More broadly, intelligent video is an area where we'll continue to see major innovations happening. Cameras record a massive amount of video, but most of it is never watched because security personnel don't have enough time to watch hundreds of cameras simultaneously.

Intelligent video uses analytics to track and send alerts to operators only when there is unusual or suspicious activity -- for example, unauthorized people moving through a restricted area. The use of next generation codecs, such as AXIS Zipstream, means less bandwidth and storage consumption and faster retrieval of video data.

You've said that the need for IT departments to oversee parts of physical security is greater than ever before. Why is that?

More IoT-based products are being introduced to the network. Employees bring their personal Fitbit trackers, mobile devices, smart watches, and other devices and add them to the network, in addition to smart thermostats and appliances. This is on top of networked surveillance cameras, alarm systems, and access control systems.

In order to secure the network, the IT department needs to work closely with the physical security and facility departments to establish policies for using the corporate network for these devices. IT will have greater oversight and influence on physical security technology implementations than ever before.

What is their role? Are other roles being impacted by IoT security?
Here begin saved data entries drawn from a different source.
(* Let $m\ge1$, $\xi\ge1$ an integer, $K_1,\dots,K_m>0$, and $\rho\in[0,1]$. The finite-population foraging Markov chain on $\mathcal S=\{\mathbf{x}\in\mathbb{Z}_{\ge0}^m:\sum_ix_i=\xi\}$ has all transition probabilities $A(\mathbf{x}\mid\mathbf{x}')$ strictly positive, and consequently it has a unique stationary distribution $\pi$, which satisfies $\pi(\mathbf{x})>0$ for all $\mathbf{x}\in\mathcal S$.
   Context: Let $\phi_i(u)=\frac{K_i}{K_i+u}$. The state $\mathbf{U}_n=(U_{1,n},\dots,U_{m,n})\in\mathcal S$ records how many of the $\xi$ foragers fly to site $i$ at time $n$. Given $\mathbf{U}_n=\mathbf{x}$, the numbers of successful foragers $V_{i,n}$ are independent with $V_{i,n}\sim\mathrm{Binomial}(x_i,\phi_i(x_i/\xi))$; let $R_n=\sum_iV_{i,n}$. If $R_n=0$ set $q_i=1/m$; otherwise $q_i=\rho\,V_{i,n}/R_n+(1-\rho)/m$. Then $\mathbf{U}_{n+1}-\mathbf{V}_n\sim\mathrm{Multinomial}(\xi-R_n,\mathbf{q})$, i.e. successful foragers return to their site and the $\xi-R_n$ unsuccessful ones are redistributed independently according to $\mathbf q$. $A(\mathbf{x}\mid\mathbf{x}')=\mathbb P[\mathbf{U}_{n+1}=\mathbf{x}\mid\mathbf{U}_n=\mathbf{x}']$. *)

From HB Require Import structures.
From mathcomp Require Import all_boot all_order all_algebra.
From mathcomp Require Import reals.
Set Implicit Arguments. Unset Strict Implicit. Unset Printing Implicit Defensive.
Import Order.TTheory GRing.Theory Num.Theory.
Local Open Scope ring_scope.
(* The real-arithmetic core of the convergent and semi-convergent estimates:
   dd, N, X, Q, Qp stand for ||q b||, |D_k|, x_(k+1), q_k, q_(k-1), related
   by N (Q X + Qp) = 1. *)
Lemma convergent_arith {F : realFieldType} (dd N X Q Qp : F) :
  0 <= dd <= N -> 1 <= Q -> 0 <= Qp -> 1 <= X -> N * (Q * X + Qp) = 1 ->
  Q * dd <= X^-1.
Proof.
move=> /andP[dd_ge0 dd_le] Q_ge1 Qp_ge0 X_ge1 key.
rewrite -[X^-1]mul1r ler_pdivlMr; last lra.
have : Q * dd * X <= Q * N * X by apply: ler_wpM2r; [lra | apply: ler_wpM2l; lra].
rewrite -key; nra.
Qed.

Lemma semiconvergent_arith {F : realFieldType} (dd N X Q Qp J : F) :
  0 <= dd <= N * (X - J) -> 0 <= J <= X -> 1 <= Q -> 0 <= Qp -> 0 <= N ->
  N * (Q * X + Qp) = 1 -> (J * Q + Qp) * dd <= X.
Proof.
move=> /andP[dd_ge0 dd_le] /andP[J_ge0 J_le] Q_ge1 Qp_ge0 N_ge0 key.
have dd_le' : dd <= N * X by nra.
have JQ : J * Q + Qp <= Q * X + Qp by nra.
have : (J * Q + Qp) * dd <= (Q * X + Qp) * (N * X).
  by apply: ler_pM => //; nra.
by rewrite mulrA (mulrC _ N) key mul1r.
Qed.

Definition irrational {R : realType} (b : R) : Prop :=
  forall Q P : int, 0 < Q -> Q%:~R * b != P%:~R.

Section ContinuedFraction.
Variables (R : realType) (b : R).

(* Numerators (p_(k-1), p_k) of the convergents, with p_(-1) = 1, p_0 = a_0. *)
Fixpoint cf_ppair (k : nat) : int * int :=
  match k with
  | 0 => (1, cf_a b 0)
  | k'.+1 => let: (pm, pk) := cf_ppair k' in (pk, cf_a b k'.+1 * pk + pm)
  end.
Definition cf_p (k : nat) : int := (cf_ppair k).2.
Definition cf_pprev (k : nat) : int := (cf_ppair k).1.

Definition cf_err (k : nat) : R := (cf_q b k)%:~R * b - (cf_p k)%:~R.
Definition cf_errprev (k : nat) : R := (cf_qprev b k)%:~R * b - (cf_pprev k)%:~R.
It depends on the organization. In larger organizations, for example, the IT department is responsible for network storage. When cameras are added to the network, video content will consume network bandwidth and storage. IT needs to understand the storage requirements and limits of the surveillance system, as well as the camera technologies and applications, so that they can assist the organization in making smarter decisions.
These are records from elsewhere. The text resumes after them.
(* Consider the online resource allocation model described in the context, with unknown expected rewards $r_1>r_2$ and adversarial arrivals, and let $\alpha=r_2/r_1$. In each of the following two scenarios, the competitive ratio of any deterministic or randomized algorithm is at most $1/(2-\alpha)$: (Scenario 1) the sampling probability is $p=0$, so no sample information is available; (Scenario 2) sample information is available but the sampling probability $p\in(0,1)$ is completely unknown to the decision-maker.
   Context: Model: a decision-maker has $m$ units of a divisible resource to allocate to unit-demand agents of two types; an accepted type-$i$ agent ($i\in\{1,2\}$) yields a reward in $\{0,1\}$ with mean $r_i\in(0,1)$, $r_1>r_2$, unknown to the decision-maker. An adversary chooses integers $h,\ell\ge0$. Each of the $h+\ell$ agents is independently sampled with probability $p$; $s_1\sim\mathrm{Bin}(h,p)$, $s_2\sim\mathrm{Bin}(\ell,p)$ are the sampled counts, and sampled agents reveal their realized rewards; $\psi$ is this sample information. The remaining $n_1=h-s_1$ type 1 and $n_2=\ell-s_2$ type 2 agents arrive online in an adversarial order $I$; on each arrival the type is observed and the decision-maker irrevocably accepts (possibly fractionally) or rejects, total allocation at most $m$. $\mathrm{OPT}(I)=r_1\min\{n_1,m\}+r_2\min\{n_2,(m-n_1)^+\}$. The competitive ratio of an algorithm $A$ is $\inf_{(h,\ell)}\mathbb E_\psi[\inf_I\mathbb E[\mathrm{REW}_A(I,\psi)]/\mathrm{OPT}(I)]$ (in Scenario 2 the worst case is also over the unknown $p$), where $\mathrm{REW}_A$ is its cumulative expected reward. *)

From HB Require Import structures.
From mathcomp Require Import all_boot all_order all_algebra.
From mathcomp Require Import all_classical all_reals all_analysis.

Set Implicit Arguments.
Unset Strict Implicit.
Unset Printing Implicit Defensive.

Import Order.TTheory GRing.Theory Num.Theory.
Local Open Scope classical_set_scope.
Local Open Scope ring_scope.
The chief security officer (CSO) is also impacted. More than ever before, the CSO needs to have a solid understanding of both physical security and cybersecurity.
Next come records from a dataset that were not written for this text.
Lemma digit_undigits L c : (forall i, i < L -> c i < p) ->
  forall j, j < L -> digit j (undigits L c) = c j.
Proof.
elim: L c => [|L IH] c c_lt [|j] // lt_j; rewrite undigitsS.
  by rewrite digit0 addnC mulnC modnMDl modn_small // c_lt.
rewrite digitS addnC mulnC divnMDl // divn_small ?addn0 ?c_lt //.
by apply: (IH (fun i => c i.+1)) => // i lt_i; apply: c_lt.
Qed.

Lemma undigits_digit L u : u < p ^ L -> undigits L (digit^~ u) = u.
Proof.
elim: L u => [|L IH] u lt_u.
  by rewrite /undigits big_ord0; move: lt_u; rewrite expn0; case: u.
rewrite undigitsS (eq_undigits (c' := digit^~ (u %/ p))); last by move=> i _; rewrite digitS.
rewrite IH; last by rewrite ltn_divLR // -expnSr.
by rewrite digit0 addnC mulnC -divn_eq.
Qed.

Lemma sp_digits L u : u < p ^ L -> sp p u = \sum_(i < L) digit i u.
Proof.
move=> lt_u; transitivity (\sum_(i < L + u.+1) digit i u).
  rewrite /sp; symmetry; apply: (@sum_ord_trunc (digit^~ u) u.+1) => [|i lt_ui].
    exact: leq_addl.
  by apply/digit_small/(leq_trans lt_ui)/ltnW/ltn_expl.
apply: (@sum_ord_trunc (digit^~ u)) => [|i le_Li]; first exact: leq_addr.
by apply/digit_small/(leq_trans lt_u); rewrite leq_exp2l.
Qed.

(* The shift acts on [0, p^r) as the cyclic rotation of the r base-p digits;
   [rot_digits r k u] is the k-fold rotation. *)
Definition rot_digits r k u := u %% p ^ (r - k) * p ^ k + u %/ p ^ (r - k).

Lemma shift_rot1 r x : 0 < r -> x < p ^ r ->
  shift p r x = p * (x %% p ^ r.-1) + x %/ p ^ r.-1.
Proof.
case: r => // r _; rewrite /shift expnS /= => lt_x.
set X := p ^ r; have X_gt0 : 0 < X by rewrite expn_gt0 p_gt0.
have ht : x %/ X < p by rewrite ltn_divLR // mulnC.
have ha := ltn_pmod x X_gt0.
rewrite {1 2 3}(divn_eq x X); move: ht ha; set t := x %/ X; set a := x %% X => ht ha.
have -> : p * (t * X + a) = t * (p * X - 1) + (p * a + t) by nia.
case: eqP => [E|NE].
  have [-> ->] : t = p.-1 /\ a = X.-1 by nia.
  nia.
rewrite modnMDl modn_small //; nia.
Qed.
Where is cybersecurity headed? For example, will more environments be scrutinized, will more devices be installed?

As more devices become connected, cybersecurity will continue to focus on securing those devices and the network. Developers will need to devise better processes for establishing trusted access to the IoT, including server-based authentication.

Attack prediction will also be a big trend for the coming months. Being able to see network events before they occur and thereby prevent real problems is a huge benefit. Users will need to upgrade to cyber-hardened IoT devices and remove the vulnerable ones (for example, legacy DVRs).

Additionally, unifying IoT devices with information and event management defines a strong direction for enterprise cybersecurity in 2017. The new category of applications known as security information and event management (SIEM), or security intelligence, is an approach to comprehensive, event-based network security management. Organizations understand the need for SIEM, but usually choose business cases with regulatory compliance first, such as PCI DSS, HIPAA, NERC CIP, and FISMA.

How fast will the growth of IoT surveillance be -- double the number of cameras in two years, for example?

In regards to IoT-enabled video surveillance, the growth of camera use will only be limited by one remaining factor -- infrastructure. Right now, major cities suffering from rising homicide rates are moving rapidly to reduce drive-by shootings, gang violence, and domestic terrorism by deploying intelligent surveillance devices.

Datacasting -- the repurposing of unused analog television transmission frequencies -- is being piloted by the U.S. Department of Homeland Security to help large cities extend their video surveillance more rapidly and at lower cost.

Any final thoughts?

Being "selective" about what data we collect will not necessarily serve our needs in the future. Instead, we would benefit from ingesting unstructured data and understanding it by applying specialized cognitive processing engines in the cloud and embedded IoT devices that can be added and optimized later. We can use this insight to better identify trends and triggers.